When we lived in Alaska, we got tickets to drive into Denali National Park one year.  On that particular weekend, The Mrs. was feeling under the weather so she decided to send The Boy (then a freshly-minted kindergartner) and I instead while she stayed home with Pugsley, who had yet to be grounded, being all of 16 . . . months.  I stopped for gas, and decided to get some road food for us since this was our first “just the guys” trip.

I grabbed some beverages, some chips, some candy, and, on the wall behind the cash register I saw some jerky.  The brand name was Alaska Jack’s®.  It was a clear plastic package of jerky with a gold foil label.  The picture on the label was of an old Alaska gold miner, a grizzled old timer wearing buckskin, with a beard and a fur hat.  I bought it.

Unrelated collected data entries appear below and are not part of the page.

(* Let $X=(X,a)$ be a $\mathsf V$-category, $M\subseteq X$ with full embedding $m:M\hookrightarrow X$, and $x\in X$ (also regarded as the $\mathsf V$-functor $x:E\to X$). The following are equivalent: (i) $x\in\overline M$; (ii) $a(x,x)\le\bigvee_{y\in M}a(x,y)\otimes a(y,x)$; (iii) $k\le\bigvee_{y\in M}a(x,y)\otimes a(y,x)$; (iv) $1_E^*\le x^*\cdot m_*\cdot m^*\cdot x_*$; (v) $m^*\cdot x_*\dashv x^*\cdot m_*$; (vi) $x_*:E\to X$ factors as $x_*=m_*\cdot\varphi$ for some $\mathsf V$-module $\varphi:E\to M$.
   Context: Let $\mathsf V=(\mathsf V,\otimes,k)$ be a commutative unital quantale (complete lattice with commutative associative $\otimes$, neutral element $k$, $u\otimes(-)$ preserving suprema). A $\mathsf V$-category $(X,a)$ is a set with $a:X\times X\to\mathsf V$, $k\le a(x,x)$, $a(x,y)\otimes a(y,z)\le a(x,z)$; a $\mathsf V$-functor $f:(X,a)\to(Y,b)$ satisfies $a(x,y)\le b(f(x),f(y))$; subsets carry the restricted structure. For points, $u\cong v$ in $(Y,b)$ means $k\le b(u,v)$ and $k\le b(v,u)$. The L-closure of $M\subseteq X$ is $\overline M=\{x\in X\mid$ for all $\mathsf V$-functors $f,g:X\to Y$ with $f|_M=g|_M$ one has $f(x)\cong g(x)\}$. $E=(\{\star\},k)$. A $\mathsf V$-relation from $X$ to $Y$ is a map $X\times Y\to\mathsf V$, composed by $(s\cdot r)(x,z)=\bigvee_y r(x,y)\otimes s(y,z)$, ordered pointwise. A $\mathsf V$-module $\varphi:(X,a)\to(Y,b)$ is a $\mathsf V$-relation with $\varphi\cdot a\le\varphi$ and $b\cdot\varphi\le\varphi$; the identity module on $X$ is $1_X^*=a$. For a $\mathsf V$-functor $f:Z\to X$, $f_*(z,x)=a(f(z),x)$ and $f^*(x,z)=a(x,f(z))$. For modules $\varphi:A\to B$, $\psi:B\to A$, $\varphi\dashv\psi$ means $1_A^*\le\psi\cdot\varphi$ and $\varphi\cdot\psi\le 1_B^*$. *)

Record quantale := Quantale {
  qcar :> Type;
  qle : qcar -> qcar -> Prop;
  qsup : (qcar -> Prop) -> qcar;
  qtens : qcar -> qcar -> qcar;
  qk : qcar;
  qle_refl : forall u, qle u u;
  qle_trans : forall u v w, qle u v -> qle v w -> qle u w;
  qle_antisym : forall u v, qle u v -> qle v u -> u = v;
  qsup_ub : forall (S : qcar -> Prop) u, S u -> qle u (qsup S);
  qsup_least : forall (S : qcar -> Prop) u,
      (forall v, S v -> qle v u) -> qle (qsup S) u;
  qtensC : forall u v, qtens u v = qtens v u;
  qtensA : forall u v w, qtens u (qtens v w) = qtens (qtens u v) w;
  qtens1 : forall u, qtens qk u = u;
  qtens_sup : forall u (S : qcar -> Prop),
      qtens u (qsup S) = qsup (fun w => exists v, S v /\ w = qtens u v)
}.

Arguments qle {q}.
Arguments qsup {q}.
Arguments qtens {q}.
Arguments qk {q}.

Definition qbig {V : quantale} {I : Type} (f : I -> V) : V :=
  qsup (fun v => exists i, v = f i).

Record vcat (V : quantale) := VCat {
  vobj :> Type;
  vhom : vobj -> vobj -> V;
  vhom_refl : forall x, qle qk (vhom x x);
  vhom_trans : forall x y z, qle (qtens (vhom x y) (vhom y z)) (vhom x z)
}.

Arguments vhom {V} _ _ _.
Arguments vhom_refl {V} _ _.
Arguments vhom_trans {V} _ _ _ _.
Arguments VCat {V} _ _ _ _.

Definition vfunctor {V : quantale} {X Y : vcat V} (f : X -> Y) : Prop :=
  forall x y, qle (vhom X x y) (vhom Y (f x) (f y)).

Definition viso {V : quantale} (Y : vcat V) (u v : Y) : Prop :=
  qle qk (vhom Y u v) /\ qle qk (vhom Y v u).

Definition subcat {V : quantale} (X : vcat V) (M : X -> Prop) : vcat V :=
  @VCat V {y : X | M y}
    (fun y z => vhom X (proj1_sig y) (proj1_sig z))
    (fun y => vhom_refl X (proj1_sig y))
    (fun y z w => vhom_trans X (proj1_sig y) (proj1_sig z) (proj1_sig w)).
Lemma class_K_le (g : R -> R) (r s : R) : class_K g -> 0 <= r -> r <= s -> g r <= g s.
Proof.
  intros [_ [_ Hincr]] Hr [Hrs | ->]; [left; now apply Hincr | lra].
Qed.

Lemma class_KL_eventually_below (beta : R -> R -> R) (r eps : R) :
  class_KL beta -> 0 <= r -> 0 < eps -> exists T, 0 < T /\ beta r T <= eps.
Proof.
  intros [_ HL] Hr Heps. destruct (HL r Hr) as [_ Hlim].
  destruct (Hlim (fun y => Rabs (y - 0) < eps)) as [T0 HT0].
  { now exists (mkposreal eps Heps). }
  exists (Rmax T0 0 + 1). split; [pose proof (Rmax_r T0 0); lra |].
  assert (H := HT0 (Rmax T0 0 + 1) ltac:(pose proof (Rmax_l T0 0); lra)).
  apply Rabs_def2 in H. lra.
Qed.

Lemma class_K_linear (k : R) : 0 < k -> class_K (fun r => k * r).
Proof.
  intros Hk. split; [ring | split].
  - intros r _. reg.
  - intros r s _ Hrs. apply Rmult_lt_compat_l; lra.
Qed.

Lemma class_Kinf_quadratic (k : R) : 0 < k -> class_Kinf (fun r => k * r ^ 2).
Proof.
  intros Hk. split; [split; [ring | split] |].
  - intros r _. reg.
  - intros r s Hr Hrs. apply Rmult_lt_compat_l; [lra | simpl; nra].
  - intros B. exists (Rabs B / k + 1).
    assert (HBk : 0 <= Rabs B / k) by (apply Rdiv_le_0_compat; [apply Rabs_pos | lra]).
    split; [lra |].
    assert (Hlin : k * (Rabs B / k + 1) = Rabs B + k) by (field; lra).
    assert (k * (Rabs B / k + 1) <= k * (Rabs B / k + 1) ^ 2)
      by (apply Rmult_le_compat_l; [lra | simpl; nra]).
    pose proof (Rle_abs B). lra.
Qed.

Lemma pos_def_linear (k : R) : 0 < k -> pos_def (fun r => k * r).
Proof.
  intros Hk. split; [ring | split].
  - intros r _. reg.
  - intros r Hr. now apply Rmult_lt_0_compat.
Qed.
Lemma sq_argmin_exists : exists l, is_sq_argmin l.
Proof.
  destruct (continuity_ab_min (fun y => g_ext y * g_ext y) a b Hab) as [l [Hmin Hl]].
  - intros c _; exact (continuity_pt_mult _ _ c (continuity_clamp_extension a b g Hab Hg c)
                         (continuity_clamp_extension a b g Hab Hg c)).
  - exists l; split; auto; intros m Hm.
    specialize (Hmin m Hm); simpl in Hmin; rewrite !g_ext_id in Hmin by auto; nra.
Qed.

Lemma sq_argmin_unique :
  (forall x y, a <= x <= b -> a <= y <= b -> g x = g y -> x = y) ->
  exists! l, is_sq_argmin l.
Proof.
  intros Hinj; destruct sq_argmin_exists as [l Hl]; exists l; split; auto.
  intros l' Hl'; destruct Hl as [Hl Hmin]; destruct Hl' as [Hl' Hmin'].
  apply Hinj; auto.
  assert (Hsq : g l ^ 2 = g l' ^ 2) by (apply Rle_antisym; auto).
  destruct (Rle_dec (g l * g l') 0) as [Hsign|Hsign].
  - destruct (exists_root_on l l' Hl Hl' Hsign) as [z [Hz Hgz]].
    specialize (Hmin z Hz); rewrite Hgz, pow_i in Hmin by lia.
    assert (g l = 0) by nra; assert (g l' = 0) by nra; lra.
  - assert (Hfac : (g l - g l') * (g l + g l') = 0) by (simpl in Hsq; lra).
    destruct (Rmult_integral _ _ Hfac); nra.
Qed.

End SquareArgmin.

The Boy had never seen jerky before.  He stood alongside me at the cash register and looked at the stringy dried pieces of meat in the plastic bag and turned it over.  He looked up at me.

“What is it?”  He was clearly puzzled.

“Meat.  Dried meat,” I responded.

He took another look at the picture of Alaska Jack™, “What kind?”

A long pause.

“Human?”

I bring this (very true) story up  because a recent study indicates that a food that mankind has been eating for nearly all of its existence is . . . wait for it . . . not bad for you.  Meat has been a staple food for mankind since our grimy, dim ancestors with questionable hygiene first took a bite out of a dead critter and asked, “hey, Ugg, this is pretty good, but do you have any ketchup or A-1®?”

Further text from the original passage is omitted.